The output gets higher as the voltage drops because of how linear drivers work. When the input voltage is high (full battery), there’s a big difference between that and the output voltage, so the difference is burned off as heat. But when the two voltages are close together (low battery), there’s less heat and it can instead produce more light. So it gets brighter as the battery drops, because it’s attempting to maintain a constant temperature.
During the entire graph, output sags over time because it’s running direct-drive, and if it was water-cooled it would produce a curve identical to the battery’s discharge curve. Basically, it keeps sagging more and more quickly as the charge drops. The algorithm then fights against that to keep output and temperature from falling too much.
Then near the end it reaches its highest level and the direct-drive decay curve takes over until low-voltage protection kicks in.
The code isn’t published yet, but that should be resolved very soon because I’m nearly done running tests.
Nice! Eagerly awaiting the hex files so can try flashing on my Q8…
I don’t consider it “stable” yet because it hasn’t had much testing… but if you don’t mind using brand new versions which have large and not-widely-tested changes, they’re on my dev builds page.
Hi Barry, I hope there will be new version of c01sb with three mode. A medium mode will be useful with more runtime.
C01S is already perfect in other way for me.
At my request, Barry added SP32A v2.0 host to the store. I like the look.
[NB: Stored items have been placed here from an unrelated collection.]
Definition trace_preserving (d : nat) (T : 'M[C]_d -> 'M[C]_d) : Prop :=
  forall X : 'M[C]_d, \tr (T X) = \tr X.

Definition quantum_channel (d : nat) (T : {linear 'M[C]_d -> 'M[C]_d}) : Prop :=
  completely_positive T /\ trace_preserving T.

(* Hilbert-Schmidt adjoint: tr (A^dagger T(B)) = tr ((T^* A)^dagger B);
   (T^* A)_{ij} = tr (T(E_ij)^dagger A). *)
Definition hs_adjoint (d : nat) (T : 'M[C]_d -> 'M[C]_d) : 'M[C]_d -> 'M[C]_d :=
  fun A => \matrix_(i, j) \tr (adjmx (T (delta_mx i j)) *m A).

Definition doubly_stochastic (d : nat) (T : {linear 'M[C]_d -> 'M[C]_d}) : Prop :=
  quantum_channel T /\ T 1%:M = 1%:M /\ hs_adjoint T 1%:M = 1%:M.

Definition density (d : nat) (rho : 'M[C]_d) : Prop := psd rho /\ \tr rho = 1.

(* entrywise convergence of a sequence of matrices (equivalent to norm convergence) *)
Definition mx_cvg (d : nat) (u : nat -> 'M[C]_d) (L : 'M[C]_d) : Prop :=
  forall e : C, 0 < e -> exists N : nat, forall k : nat, (N <= k)%N ->
    forall i j, `|u k i j - L i j| < e.

Definition primitive (d : nat) (S : 'M[C]_d -> 'M[C]_d) : Prop :=
  forall rho : 'M[C]_d, density rho ->
    mx_cvg (fun k => iter k S rho) ((d%:R)^-1 *: 1%:M).

End QChannels.

From HB Require Import structures.
From mathcomp Require Import all_boot all_order all_algebra.
From mathcomp Require Import reals.
From mathcomp.real_closed Require Import complex.
From mathcomp Require Import ring.
Set Implicit Arguments. Unset Strict Implicit. Unset Printing Implicit Defensive.
Import Order.TTheory GRing.Theory Num.Theory.
Local Open Scope ring_scope.

(* Let <A, B> = tr (B^† A) be the Hilbert-Schmidt inner product, |A| its norm, and
   S_n = (T* )^n T^n, which is self-adjoint for it. Complete positivity applied to the
   positive block matrix [[1, X], [X^†, X^† X]] gives the Kadison-Schwarz inequality
   T(X)^† T(X) <= T(X^† X), so the unital trace-preserving T, and with it T*, does not
   increase |.|. Every traceless matrix is a combination of the d^2 matrices
   E_ab - [a = b]/d, each a combination of differences of density matrices; hence a
   primitive sequence of linear maps eventually halves the norm of all traceless
   matrices uniformly. If T is primitive, |S_K Z| <= |T^K Z| <= |Z|/2 for large K.
   Conversely |T^n Z|^2 = <S_n Z, Z>, and iterating Cauchy-Schwarz with self-adjointness
   gives |T^n Z|^(2^(p+1)) |Z| <= |Z|^(2^(p+1)) |S_n^(2^p) Z|, so T^n contracts traceless
   matrices once S_n is primitive. Either way the traceless part decays geometrically,
   which is primitivity. *)

Section Primitivity.
Variable R : realType.
Local Notation C := R[i].
Variable d : nat.
Local Notation M := 'M[C]_d.

Definition hsdot (A B : M) : C := \sum_i \sum_j A i j * (B i j)^*.

Local Notation hsnorm2 A := (hsdot A A).

Lemma mxtrace_adjmx_mul (A B : M) : \tr (adjmx A *m B) = hsdot B A.
Proof.
rewrite /mxtrace /hsdot exchange_big /=; apply: eq_bigr => j _.
by rewrite mxE; apply: eq_bigr => i _; rewrite !mxE mulrC.
Qed.

Lemma hsdot_linearl (B : M) : linear (hsdot ^~ B).
Proof.
move=> a A A'; rewrite /hsdot scaler_sumr -big_split; apply: eq_bigr => i _.
rewrite scaler_sumr -big_split; apply: eq_bigr => j _.
by rewrite !mxE mulrDl -mulrA.
Qed.

Lemma hsdot_semilinearr (A : M) : GRing.linear_for (Num.conj \; *%R) (hsdot A).
Proof.
move=> a B B'; rewrite /hsdot /= mulr_sumr -big_split; apply: eq_bigr => i _.
rewrite mulr_sumr -big_split; apply: eq_bigr => j _.
by rewrite !mxE rmorphD rmorphM /= mulrDr mulrCA.
Qed.

HB.instance Definition _ :=
  bilinear_isBilinear.Build C M M C *%R (Num.conj \; *%R) hsdot
    (hsdot_linearl, hsdot_semilinearr).

Lemma hsdotC (A B : M) : hsdot A B = (hsdot B A)^*.
Proof.
rewrite /hsdot rmorph_sum; apply: eq_bigr => i _.
by rewrite rmorph_sum; apply: eq_bigr => j _; rewrite rmorphM /= conjCK mulrC.
Qed.

HB.instance Definition _ := isHermitianSesquilinear.Build C M false Num.conj hsdot
  (fun A B => etrans (hsdotC A B) (esym (mul1r _))).

Lemma hsnorm2E (A : M) : hsnorm2 A = \sum_i \sum_j `|A i j| ^+ 2.
Proof. by apply: eq_bigr => i _; apply: eq_bigr => j _; rewrite normCK. Qed.

Lemma hsnorm2_ge0 (A : M) : 0 <= hsnorm2 A.
Proof. by rewrite hsnorm2E; do 2!apply: sumr_ge0 => ? _; apply: exprn_ge0. Qed.

Lemma hsnorm2_entry (A : M) i j : `|A i j| ^+ 2 <= hsnorm2 A.
Proof.
rewrite hsnorm2E (bigD1 i) //= (bigD1 j) //= -addrA lerDl.
by apply: addr_ge0; do ?apply: sumr_ge0 => ? _; apply: exprn_ge0.
Qed.

Lemma hsnorm2_eq0 (A : M) : hsnorm2 A = 0 -> A = 0.
Proof.
move=> A0; apply/matrixP => i j; rewrite mxE; apply/eqP.
rewrite -normr_eq0 -sqrf_eq0 eq_le exprn_ge0 ?andbT //.
by rewrite -A0 hsnorm2_entry.
Qed.

Lemma hsnorm2_gt0 (A : M) : A != 0 -> 0 < hsnorm2 A.
Proof.
move=> nzA; rewrite lt_def hsnorm2_ge0 andbT.
by apply: contraNneq nzA => /hsnorm2_eq0 ->.
Qed.

HB.instance Definition _ := isDotProduct.Build C M hsdot hsnorm2_gt0.

Lemma hsdot_CauchySchwarz (A B : M) : `|hsdot A B| ^+ 2 <= hsnorm2 A * hsnorm2 B.
Proof. exact: (CauchySchwarz (hsdot : {dot M for Num.conj}) A B). Qed.

Section LinearMaps.
Variable f : M -> M.
Hypothesis f_linear : linear f.

Lemma lmap0 : f 0 = 0.
Proof. by have := f_linear (-1) 0 0; rewrite scaler0 addr0 scaleN1r addNr. Qed.

Lemma lmapD X Y : f (X + Y) = f X + f Y.
Proof. by have := f_linear 1 X Y; rewrite !scale1r. Qed.

Lemma lmapZ a X : f (a *: X) = a *: f X.
Proof. by have := f_linear a X 0; rewrite !addr0 lmap0 addr0. Qed.

Lemma lmapB X Y : f (X - Y) = f X - f Y.
Proof. by rewrite -scaleN1r lmapD lmapZ scaleN1r. Qed.

Lemma lmap_sum (I : finType) (F : I -> M) : f (\sum_i F i) = \sum_i f (F i).
Proof. by elim/big_rec2: _ => [|i x y _ <-]; rewrite ?lmap0 ?lmapD. Qed.

Lemma lmap_iter k : linear (iter k f).
Proof. by elim: k => [//|k IH] a X Y /=; rewrite IH f_linear. Qed.

Lemma hsdot_hs_adjoint A B : hsdot (hs_adjoint f B) A = hsdot B (f A).
Proof.
rewrite {2}(matrix_sum_delta A) lmap_sum linear_sumr; apply: eq_bigr => i _.
rewrite lmap_sum linear_sumr; apply: eq_bigr => j _.
by rewrite lmapZ linearZr !mxE mxtrace_adjmx_mul mulrC.
Qed.

End LinearMaps.

Lemma lmap_comp (f g : M -> M) : linear f -> linear g -> linear (fun X => f (g X)).
Proof. by move=> hf hg a X Y; rewrite hg hf. Qed.

Lemma linear_hs_adjoint (f : M -> M) : linear (hs_adjoint f).
Proof.
by move=> a X Y; apply/matrixP => i j; rewrite !mxE !mxtrace_adjmx_mul linearPl.
Qed.

Lemma hsdot_iter_hs_adjoint (f : M -> M) k A B : linear f ->
  hsdot (iter k (hs_adjoint f) B) A = hsdot B (iter k f A).
Proof.
move=> hf; elim: k A => [//|k IH] A.
by rewrite iterS hsdot_hs_adjoint ?IH -?iterSr //; apply/lmap_iter/linear_hs_adjoint.
Qed.

Lemma adjmxM m n p (A : 'M[C]_(m, n)) (B : 'M[C]_(n, p)) :
  adjmx (A *m B) = adjmx B *m adjmx A.
Proof. by rewrite /adjmx map_mxM trmx_mul. Qed.

Lemma adjmxD m n (A B : 'M[C]_(m, n)) : adjmx (A + B) = adjmx A + adjmx B.
Proof. by rewrite /adjmx map_mxD linearD. Qed.

Lemma adjmxN m n (A : 'M[C]_(m, n)) : adjmx (- A) = - adjmx A.
Proof. by rewrite /adjmx map_mxN linearN. Qed.

Lemma adjmxK m n (A : 'M[C]_(m, n)) : adjmx (adjmx A) = A.
Proof. by apply/matrixP => i j; rewrite !mxE conjCK. Qed.

Lemma adjmx1 : adjmx (1%:M : M) = 1%:M.
Proof. by rewrite /adjmx map_mx1 trmx1. Qed.

Lemma adjmx_mul_diag_ge0 m n (A : 'M[C]_(m, n)) i : 0 <= (adjmx A *m A) i i.
Proof.
rewrite mxE; apply: sumr_ge0 => k _.
by rewrite !mxE mulrC -normCK exprn_ge0.
Qed.

Definition qform (X : M) (u v : 'cV[C]_d) : C := (adjmx u *m X *m v) 0 0.

Lemma qformDl X u1 u2 v : qform X (u1 + u2) v = qform X u1 v + qform X u2 v.
Proof. by rewrite /qform adjmxD !mulmxDl mxE. Qed.

Lemma qformDr X u v1 v2 : qform X u (v1 + v2) = qform X u v1 + qform X u v2.
Proof. by rewrite /qform mulmxDr mxE. Qed.

Lemma qform_delta X a b p q :
  qform X (a *: delta_mx p 0) (b *: delta_mx q 0) = a^* * b * X p q.
Proof.
rewrite /qform !mxE.
under eq_bigr => l _ do rewrite !mxE.
under eq_bigr => l _ do under eq_bigr => k _ do
  rewrite !mxE eqxx andbT rmorphM /= conjC_nat.
rewrite (bigD1 q) //= [X in _ + X]big1 => [|l /negbTE->]; last by rewrite !mulr0.
rewrite addr0 !eqxx mulr1 (bigD1 p) //= [X in _ + X]big1 => [|k /negbTE->];
  last by rewrite mulr0 mul0r.
by rewrite addr0 eqxx mulr1 mulrAC.
Qed.

Lemma qform_delta1 X p q : qform X (delta_mx p 0) (delta_mx q 0) = X p q.
Proof. by have := qform_delta X 1 1 p q; rewrite !scale1r conjC1 !mul1r. Qed.

Definition block2 (P Q Q' U : M) : 'I_2 -> 'I_2 -> M := fun i j =>
  if i == 0 :> nat then (if j == 0 :> nat then P else Q)
  else (if j == 0 :> nat then Q' else U).

Section Block2.
Variables P Q Q' U : M.
Hypothesis psdPQU : psd_block (block2 P Q Q' U).

Lemma psd_block2_ge0 u v :
  0 <= qform P u u + qform Q u v + qform Q' v u + qform U v v.
Proof.
have := psdPQU (fun i : 'I_2 => if i == 0 :> nat then u else v).
by rewrite !big_ord_recl !big_ord0 /= !addr0 addrA.
Qed.

Lemma psd_block2_adjmx : Q' = adjmx Q.
Proof.
(* F l - F (- l) = 2 (l^* Q j i + l Q' i j) is real for every l; l = 1 and l = 'i
   give the real and imaginary parts of Q' i j = (Q j i)^*. *)
apply/matrixP => i j.
pose F (l : C) := qform P (l *: delta_mx j 0) (l *: delta_mx j 0)
  + qform Q (l *: delta_mx j 0) (1 *: delta_mx i 0)
  + qform Q' (1 *: delta_mx i 0) (l *: delta_mx j 0)
  + qform U (1 *: delta_mx i 0) (1 *: delta_mx i 0).
have F_real l : (F l)^* = F l by apply/CrealP/ger0_real/psd_block2_ge0.
have FN l : F l - F (- l) = 2%:R * (l^* * Q j i + l * Q' i j).
  by rewrite /F !qform_delta !rmorphN /= rmorph1 !mulr1 !mul1r mulrNN; ring.
have two_neq0 : (2%:R : C) != 0 by rewrite pnatr_eq0.
have real_half (z : C) : (2%:R * z)^* = 2%:R * z -> z^* = z.
  by rewrite rmorphM /= conjC_nat => /(mulfI two_neq0).
have real_sum : (Q j i + Q' i j)^* = Q j i + Q' i j.
  apply: real_half; have := FN 1; rewrite rmorph1 !mul1r => <-.
  by rewrite rmorphB /= !F_real.
have real_diff : ('i * (Q' i j - Q j i))^* = 'i * (Q' i j - Q j i).
  apply: real_half.
  have -> : 2%:R * ('i * (Q' i j - Q j i)) = F 'i - F (- 'i).
    by rewrite FN conjCi; ring.
  by rewrite rmorphB /= !F_real.
rewrite !mxE; apply: (mulfI two_neq0).
move: real_sum real_diff; rewrite rmorphM rmorphB !rmorphD /= conjCi => Es Ed.
have Ed' : (Q' i j)^* - (Q j i)^* = Q j i - Q' i j.
  apply: (@mulfI _ (- 'i)); first by rewrite oppr_eq0 neq0Ci.
  by rewrite Ed mulNr -mulrN opprB.
have -> : 2%:R * Q' i j = (Q j i + Q' i j) - (Q j i - Q' i j) by ring.
by rewrite -Es -Ed'; ring.
Qed.

End Block2.

Lemma psd_block2_schwarz (X : M) : psd_block (block2 1%:M X (adjmx X) (adjmx X *m X)).
Proof.
move=> v; rewrite !big_ord_recl !big_ord0 /= !addr0 /block2 /= mulmx1.
set w := v ord0 + X *m v (lift ord0 ord0).
have : 0 <= qform 1%:M w w by rewrite /qform mulmx1 adjmx_mul_diag_ge0.
by rewrite qformDl !qformDr /qform !mulmx1 adjmxM !mulmxA !addrA.
Qed.

Lemma hsnorm2_unital_channel_le (T : M -> M) X :
  completely_positive T -> trace_preserving T -> T 1%:M = 1%:M ->
  hsnorm2 (T X) <= hsnorm2 X.
Proof.
move=> cpT tpT T1.
have psdT : psd_block (block2 1%:M (T X) (T (adjmx X)) (T (adjmx X *m X))).
  move=> v; have := cpT 2 _ (psd_block2_schwarz X) v; congr (0 <= _).
  apply: eq_bigr => i _; apply: eq_bigr => j _.
  by rewrite /block2; do 2 case: ifP => _ //; rewrite T1.
have TX_adj := psd_block2_adjmx psdT; rewrite TX_adj in psdT.
have Kadison_Schwarz_diag j : (adjmx (T X) *m T X) j j <= T (adjmx X *m X) j j.
  pose e : 'cV[C]_d := delta_mx j 0.
  have := psd_block2_ge0 psdT (- (T X *m e)) e.
  have qdelta (W : M) : (adjmx e *m (W *m e)) 0 0 = W j j.
    by rewrite mulmxA; apply: qform_delta1.
  rewrite /qform adjmxN adjmxM mulmx1 !mulNmx !mulmxN opprK !mulmxA.
  have mxN00 (Y : 'M[C]_1) : (- Y) 0 0 = - Y 0 0 by rewrite mxE.
  rewrite !mxN00 -!(mulmxA (adjmx e)) !qdelta.
  by rewrite subrr sub0r addrC subr_ge0.
rewrite -!mxtrace_adjmx_mul -(tpT (adjmx X *m X)).
by apply: ler_sum => j _; apply: Kadison_Schwarz_diag.
Qed.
After 84 days the package arrived and I am very disappointed.
This is total diy. Each part of this flashlight came separately. On the one hand, it’s great, but I was hoping that at least the button would be pressed into the body. I was thinking a bit about how to put it together and when I was able to solve the mistery I broke the plastic pin that was to be pressed into the black disc. I hit too hard or at the wrong angle (I used small hammer). The effect is that if I would like to put it together again I have to wait for the next shipment with this pin (I hope that there will be no problem with adding to the next order).
Button should be factory-pressed into the body of the flashlight imho. The fact that we buy hosts means that we want to choose the driver, led and optics ourselves. Not that we want to assemble the flashlight from scratch. Not everyone has the right equipment for this type of task.
In addition, looking at the construction of this button, it turns out that it is not waterproof!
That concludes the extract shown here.